L’Unesco, ente internazionale per la salvaguardia del patrimonio umano e naturale, ha dichiarato Riserva della biosfera la regione fluviale Mura-Drava-Danubio per la gioia di migliaia di attivisti, che per anni si sono battuti per il riconoscimento. È un’area che viene chiamata “l’Amazzonia di Europa”: abbraccia 5 diversi Paesi e si estende per un milione di ettari. L’etichetta Unesco renderà più facile proteggerla, conservarla e raccontarla non solo oggi ma anche nelle prossime generazioni.
Un progetto fotografico realizzato in Africa che mette vicino animali a rischio estinzione con persone che hanno perso la casa a causa di siccità ed altri eventi ambientali. Di Nick Brandt sul Guardian.
Giovedì notte i sette programmi comici notturni americani hanno dedicato la loro programmazione al clima: «far ridere sull’argomento forse può renderlo meno pauroso», ha detto uno dei produttori dell’iniziativa congiunta dei late show. Su Grist trovi una selezione delle clip migliori.
Per aspiranti scrittrici e scrittori: un nuovo concorso cerca (e premia) le migliori storie di climate-fiction italiane. Si chiama “The Source” e lo organizza il Gruppo CAP di Milano.
Valentina Tonutti, autrice della newsletter “Fuori dal PED” sui social e la comunicazione online, ha dedicato la sua ultima puntata – uscita stamattina – ai temi “verdi”: all’interno dell’articolo, c’è anche un’intervista che mi ha fatto.
👇 La cosa più bella
La cosa più bella che vedrai questo weekend? Questa foto, tenerissima, che ha una storia ancora più dolce.
Selvi, la ragazza nella foto, è la madre sostitutiva di Otan, un orango maschio di 3 anni che è stato salvato grazie a un’associazione animalista indonesiana.
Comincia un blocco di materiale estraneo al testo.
(* Let $P$ denote the Petersen graph. For $i=0,\ldots,8$, let $P_i$ be a copy of the graph obtained from $P$ by deleting one edge $[u_i,v_i]$ (so $u_i,v_i$ are the two vertices of degree $2$ in $P_i$), the copies being pairwise vertex-disjoint. Let $G$ be the graph obtained from $P_0\cup\cdots\cup P_8$ by adding the edges $[v_i,u_{i+1}]$ for $i=0,\ldots,8$ (indices modulo $9$). Then $G$ is a bridgeless cubic graph of order $2n=90$ and $\chi'_{[44]}(G)\geq 5$, i.e. the edge set of $G$ cannot be covered by four matchings of size $n-1=44$.
   Context: All graphs are finite and simple. For a positive integer $k$, a $[k]$-matching of $G$ is a matching of $G$ with exactly $k$ edges. The excessive $[k]$-index $\chi'_{[k]}(G)$ is the minimum number of $[k]$-matchings of $G$ whose union is $E(G)$; if some edge of $G$ lies in no $[k]$-matching, one sets $\chi'_{[k]}(G)=\infty$. *)

From mathcomp Require Import all_boot.
Set Implicit Arguments. Unset Strict Implicit. Unset Printing Implicit Defensive.

Section Graphs.
Variable V : finType.
Variable adj : rel V.

Definition simple_graph : Prop := irreflexive adj /\ symmetric adj.

Definition edge_set : {set {set V}} :=
  [set e : {set V} | [exists x, exists y, adj x y && (e == [set x; y])]].

Definition is_matching (M : {set {set V}}) : bool :=
  (M \subset edge_set) &&
  [forall e1 in M, forall e2 in M, (e1 != e2) ==> [disjoint e1 & e2]].

Definition is_kmatching (k : nat) (M : {set {set V}}) : bool :=
  is_matching M && (#|M| == k).

Definition coverable_by_kmatchings (k m : nat) : Prop :=
  exists Ms : 'I_m -> {set {set V}},
    (forall i, is_kmatching k (Ms i)) /\ \bigcup_(i < m) Ms i = edge_set.

(* chi'_[k](G) >= c : every cover of E(G) by [k]-matchings uses >= c of them
   (vacuous when chi'_[k] = infinity) *)
Definition excessive_index_ge (k c : nat) : Prop :=
  forall m, coverable_by_kmatchings k m -> c <= m.

Definition cubic : Prop := forall x : V, #|[set y | adj x y]| = 3.

Definition adj_minus (a b : V) : rel V :=
  fun x y => adj x y && ~~ (((x == a) && (y == b)) || ((x == b) && (y == a))).

Definition bridgeless : Prop :=
  forall x y : V, adj x y -> connect (adj_minus x y) x y.
End Graphs.

(* ---------- The Petersen graph on 'I_10 ----------
   outer 5-cycle 0-1-2-3-4-0, spokes i -- i+5, inner pentagram 5+i -- 5+((i+2) mod 5) *)
Definition petersen_adj_nat (a b : nat) : bool :=
  [|| [&& a < 5, b < 5 & (b == (a + 1) %% 5) || (a == (b + 1) %% 5)],
      (a < 5) && (b == a + 5),
      (b < 5) && (a == b + 5) |
      [&& 5 <= a, a < 10, 5 <= b, b < 10 &
         (b - 5 == (a - 5 + 2) %% 5) || (a - 5 == (b - 5 + 2) %% 5)]].

Definition petersen_adj : rel 'I_10 := fun a b => petersen_adj_nat a b.

(* P minus the edge [u,v] with u = 0, v = 1 (Petersen is edge-transitive) *)
Definition u0 : 'I_10 := inord 0.
Definition v0 : 'I_10 := inord 1.
Definition petersen_minus_adj : rel 'I_10 := adj_minus petersen_adj u0 v0.

(* ---------- The graph G ----------
   vertex (i, p) = vertex p of copy P_i; u_i = (i,0), v_i = (i,1);
   extra edges [v_i, u_{i+1}], indices mod 9 *)
Definition GV : finType := ('I_9 * 'I_10)%type.

Definition G_adj : rel GV := fun x y =>
  [|| (x.1 == y.1) && petersen_minus_adj x.2 y.2,
      [&& x.2 == v0, y.2 == u0 & (y.1 : nat) == (x.1 + 1) %% 9] |
      [&& y.2 == v0, x.2 == u0 & (x.1 : nat) == (y.1 + 1) %% 9]].

(* For the excessive index: a matching with k edges covers 2k vertices, so a
   [44]-matching of G misses exactly two vertices and so leaves uncovered
   vertices in at most two copies.  Given at most four [44]-matchings, some
   copy P_i is covered by all of them.  On the sixteen edges of G meeting P_i
   each of them then traces a local perfect matching (every vertex of P_i on
   exactly one chosen edge).  Enumerating the 2^16 candidate traces shows that
   there are six local perfect matchings and that no four of them contain all
   sixteen edges, so some edge of G lies in none of the matchings. *)

From mathcomp Require Import all_boot.
Set Implicit Arguments. Unset Strict Implicit. Unset Printing Implicit Defensive.

Section Matchings.
Variables (V : finType) (adj : rel V).
Hypothesis adj_irr : irreflexive adj.
Implicit Types (M : {set {set V}}) (e : {set V}).

Lemma edge_setP e :
  reflect (exists x y, adj x y /\ e = [set x; y]) (e \in edge_set adj).
Proof.
rewrite inE; apply: (iffP existsP) => [[x /existsP[y /andP[xy /eqP ->]]] | [x [y [xy ->]]]].
  by exists x, y.
by exists x; apply/existsP; exists y; rewrite xy eqxx.
Qed.

Lemma card_edge e : e \in edge_set adj -> #|e| = 2.
Proof.
case/edge_setP=> x [y [xy ->]]; rewrite cards2.
by case: eqP xy => [->|//]; rewrite adj_irr.
Qed.

Lemma matching_trivIset M : is_matching adj M -> trivIset M.
Proof.
case/andP=> _ /forall_inP dis; apply/trivIsetP => e1 e2 e1M e2M.
by move: (dis e1 e1M) => /forall_inP /(_ e2 e2M) /implyP.
Qed.

Lemma matching_edge_eq M e1 e2 x : is_matching adj M ->
  e1 \in M -> e2 \in M -> x \in e1 -> x \in e2 -> e1 = e2.
Proof.
move=> /matching_trivIset /trivIsetP dis e1M e2M xe1 xe2.
apply/eqP; apply: contraT => /(dis _ _ e1M e2M) /disjointFr /(_ xe1).
by rewrite xe2.
Qed.

Lemma card_cover_matching M : is_matching adj M -> #|cover M| = 2 * #|M|.
Proof.
move=> Mmatch; have /andP[Msub _] := Mmatch.
rewrite -(eqP (matching_trivIset Mmatch)) mulnC -sum_nat_const.
by apply: eq_bigr => e eM; apply: card_edge (subsetP Msub e eM).
Qed.

Lemma card_uncovered k M : is_kmatching adj k M -> #|~: cover M| = #|V| - 2 * k.
Proof.
case/andP=> Mmatch /eqP cardM.
by rewrite cardsCs setCK card_cover_matching // cardM.
Qed.
End Matchings.

Lemma card_bigcup_leq (I T : finType) (A : I -> {set T}) :
  #|\bigcup_i A i| <= \sum_i #|A i|.
Proof.
elim/big_ind2: _ => [|B1 n1 B2 n2 le1 le2|i _] //; first by rewrite cards0.
by rewrite cardsU (leq_trans (leq_subr _ _)) ?leq_add.
Qed.

(* Ordinals built by reduction modulo n + 1, which evaluate to closed values
   (unlike [inord]); [ords n] lists all of 'I_n.+1. *)
Definition ord_mod (n k : nat) : 'I_n.+1 := Ordinal (ltn_pmod k (ltn0Sn n)).
Definition ords (n : nat) : seq 'I_n.+1 := [seq ord_mod n k | k <- iota 0 n.+1].

Lemma mem_ords n (i : 'I_n.+1) : i \in ords n.
Proof.
apply/mapP; exists (val i); first by rewrite mem_iota ltn_ord.
by apply: val_inj; rewrite /= modn_small.
Qed.

(* The vertices of G, listed as plain pairs: [vertex] is the carrier of [GV]
   without its finite-type structure, so that the certificates below, which
   are decided by evaluation, only manipulate pairs of ordinals. *)
Definition vertex : Type := ('I_9 * 'I_10)%type.
Definition vertices : seq vertex := [seq (i, p) | i <- ords 8, p <- ords 9].

Lemma mem_vertices (x : GV) : x \in vertices.
Proof. by case: x => i p; apply/allpairsP; exists (i, p); rewrite !mem_ords. Qed.

Lemma vertices_uniq : uniq vertices.
Proof. by vm_compute. Qed.

Definition eqv (x y : vertex) : bool := (x.1 == y.1 :> nat) && (x.2 == y.2 :> nat).

Lemma eqvE (x y : GV) : eqv x y = (x == y).
Proof. by case: x y => [i p] [j q]; rewrite /eqv xpair_eqE. Qed.

Definition petersen_minus_nat (a b : nat) : bool :=
  petersen_adj_nat a b && ~~ (((a == 0) && (b == 1)) || ((a == 1) && (b == 0))).

Definition adjn : rel vertex := fun x y =>
  [|| (x.1 == y.1 :> nat) && petersen_minus_nat x.2 y.2,
      [&& x.2 == 1 :> nat, y.2 == 0 :> nat & y.1 == (x.1 + 1) %% 9 :> nat] |
      [&& y.2 == 1 :> nat, x.2 == 0 :> nat & x.1 == (y.1 + 1) %% 9 :> nat]].

Lemma adjnE (x y : GV) : G_adj x y = adjn x y.
Proof.
have u0E : u0 = 0 :> nat by rewrite /u0 inordK.
have v0E : v0 = 1 :> nat by rewrite /v0 inordK.
have ord_eqE n (a b : 'I_n) : (a == b) = (a == b :> nat) by [].
by rewrite /G_adj /petersen_minus_adj /adj_minus /petersen_adj !ord_eqE u0E v0E.
Qed.

Lemma adj_certificate :
  all (fun x => ~~ adjn x x && (count (adjn x) vertices == 3) &&
                all (fun y => adjn x y == adjn y x) vertices) vertices.
Proof. by vm_compute. Qed.

Lemma G_simple : simple_graph G_adj.
Proof.
have cert x := allP adj_certificate x (mem_vertices x).
split=> [x | x y]; rewrite !adjnE.
  by case/andP: (cert x) => /andP[/negbTE].
by case/andP: (cert x) => _ /allP /(_ y (mem_vertices y)) /eqP.
Qed.

Lemma G_cubic : cubic G_adj.
Proof.
move=> x; have /andP[/andP[_ /eqP <-] _] := allP adj_certificate x (mem_vertices x).
rewrite -size_filter -(card_uniqP (filter_uniq _ vertices_uniq)).
by apply: eq_card => y; rewrite inE mem_filter mem_vertices andbT adjnE.
Qed.

Lemma card_GV : #|GV| = 90.
Proof. by rewrite card_prod !card_ord. Qed.

(* A depth-first path search; its output is not trusted but checked below, so
   no correctness proof is needed.  It returns a path from x to y (without x)
   if one is found, together with the updated list of visited vertices. *)
Section PathSearch.
Variables (T : Type) (eqb : T -> T -> bool) (next : T -> seq T).

Fixpoint find_path (fuel : nat) (visited : seq T) (x y : T) : option (seq T) * seq T :=
  if eqb x y then (Some [::], visited) else
  if fuel is fuel'.+1 then
    let fix explore (zs visited : seq T) :=
      if zs is z :: zs' then
        if has (eqb z) visited then explore zs' visited else
        match find_path fuel' (z :: visited) z y with
        | (Some p, visited') => (Some (z :: p), visited')
        | (None, visited') => explore zs' visited'
        end
      else (None, visited) in
    explore (next x) (x :: visited)
  else (None, visited).
End PathSearch.

Definition adjn_minus (x y : vertex) : rel vertex := fun a b =>
  adjn a b && ~~ ((eqv a x && eqv b y) || (eqv a y && eqv b x)).

Definition bridge_free (x y : vertex) : bool :=
  let next z := [seq w <- vertices | adjn_minus x y z w] in
  if (find_path eqv next 90 [::] x y).1 is Some p
  then path (adjn_minus x y) x p && eqv (last x p) y
  else false.

Lemma bridge_certificate :
  all (fun x => all (bridge_free x) [seq y <- vertices | adjn x y]) vertices.
Proof. by vm_compute. Qed.

Lemma G_bridgeless : bridgeless G_adj.
Proof.
move=> x y; rewrite adjnE => xy.
have := allP (allP bridge_certificate x (mem_vertices x)) y.
rewrite mem_filter xy mem_vertices => /(_ isT).
rewrite /bridge_free; case: (find_path _ _ _ _ _ _).1 => [p|] //.
case/andP=> xp; rewrite eqvE => /eqP ylast.
apply/connectP; exists p; last by rewrite ylast.
rewrite -(eq_path (e := adjn_minus x y)) // => a b.
by rewrite /adjn_minus /adj_minus adjnE !eqvE.
Qed.

(* The sixteen edges of G meeting a copy P_i.  A triple (a, b, d) stands for
   the edge joining vertex a of copy i to vertex b of copy i + d (mod 9): the
   first fourteen are the edges of P - [u, v], the last two are the edges
   [u_i, v_(i-1)] and [v_i, u_(i+1)] leaving the copy. *)
Definition local_edges : seq (nat * nat * nat) :=
  [:: (1,2,0); (2,3,0); (3,4,0); (4,0,0); (0,5,0); (1,6,0); (2,7,0); (3,8,0);
      (4,9,0); (5,7,0); (6,8,0); (7,9,0); (8,5,0); (9,6,0); (0,1,8); (1,0,1)].

Definition end1 (i : 'I_9) (t : nat * nat * nat) : vertex := (i, ord_mod 9 t.1.1).
Definition end2 (i : 'I_9) (t : nat * nat * nat) : vertex :=
  (ord_mod 8 (i + t.2), ord_mod 9 t.1.2).
Definition local_edge (i : 'I_9) (t : nat * nat * nat) : {set GV} :=
  [set end1 i t; end2 i t].

Definition incident (p : nat) (t : nat * nat * nat) : bool :=
  (p == t.1.1) || ((t.2 == 0) && (p == t.1.2)).
Definition incidence (t : nat * nat * nat) : seq bool :=
  [seq incident p t | p : 'I_10 <- ords 9].

Lemma local_edge_certificate :
  all (fun i => all (fun t => adjn (end1 i t) (end2 i t) &&
          all (fun p => (eqv (i, p) (end1 i t) || eqv (i, p) (end2 i t)) == incident p t)
              (ords 9))
        local_edges) (ords 8).
Proof. by vm_compute. Qed.

Lemma local_edge_exhaustive :
  all (fun x => all (fun y => has (fun t =>
          (eqv x (end1 x.1 t) && eqv y (end2 x.1 t)) ||
          (eqv x (end2 x.1 t) && eqv y (end1 x.1 t))) local_edges)
        [seq y <- vertices | adjn x y]) vertices.
Proof. by vm_compute. Qed.

Lemma incidence_certificate :
  uniq local_edges &&
  all (fun t => all (fun t' => (incidence t == incidence t') ==> (t == t')) local_edges)
      local_edges.
Proof. by vm_compute. Qed.

Lemma local_edges_uniq : uniq local_edges.
Proof. by case/andP: incidence_certificate. Qed.

Lemma local_edge_in_G i t : t \in local_edges -> local_edge i t \in edge_set G_adj.
Proof.
move=> tL; apply/edge_setP; exists (end1 i t), (end2 i t); split=> //.
by rewrite adjnE; case/andP: (allP (allP local_edge_certificate i (mem_ords i)) t tL).
Qed.

Lemma mem_local_edge i t (p : 'I_10) :
  t \in local_edges -> ((i, p) \in local_edge i t) = incident p t.
Proof.
move=> tL; case/andP: (allP (allP local_edge_certificate i (mem_ords i)) t tL) => _.
by move/allP/(_ p (mem_ords p))/eqP <-; rewrite !eqvE !inE.
Qed.

Lemma local_edge_inj i : {in local_edges &, injective (local_edge i)}.
Proof.
move=> t t' tL t'L E; case/andP: incidence_certificate => _ /allP/(_ t tL)/allP/(_ t' t'L).
suff -> : incidence t == incidence t' by move/eqP.
by apply/eqP/eq_in_map => p _; rewrite -(mem_local_edge i) // -(mem_local_edge i) // E.
Qed.

Lemma edge_at_copy i p y : G_adj (i, p) y ->
  exists2 t, t \in local_edges & [set (i, p); y] = local_edge i t.
Proof.
rewrite adjnE => ipy; have := allP local_edge_exhaustive (i, p) (mem_vertices _).
move/allP/(_ y); rewrite mem_filter ipy mem_vertices => /(_ isT) /hasP[t tL].
rewrite !eqvE => /orP[] /andP[/eqP E1 /eqP E2]; exists t => //.
  by rewrite /local_edge -E1 -E2.
by rewrite /local_edge -E1 -E2 setUC.
Qed.

Definition trace (M : {set {set GV}}) (i : 'I_9) : seq bool :=
  [seq local_edge i t \in M | t <- local_edges].

Definition local_perfect (s : seq bool) : bool :=
  all (fun p : 'I_10 => count (fun tb => tb.2 && incident p tb.1) (zip local_edges s) == 1)
      (ords 9).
I due si incontrano quotidianamente e stanno sviluppando un forte legame madre/figlio: lei gli sta insegnando addirittura ad arrampicarsi. La specie a cui Otan appartiene, quella dell’orango dell’isola di Sumatra, è gravemente minacciata dalla deforestazione e dallo sfruttamento dei terreni per estrarre minerali o produrre olio di palma.
La foto è stata scattata dal belga Alain Schroeder, ed è una delle immagini vincitrici del World Report Award del Festival della fotografia etica di Lodi. Da oggi fino al 24 ottobre sarà esposta nella città lombarda, insieme a tanti altri interessanti progetti fotografici.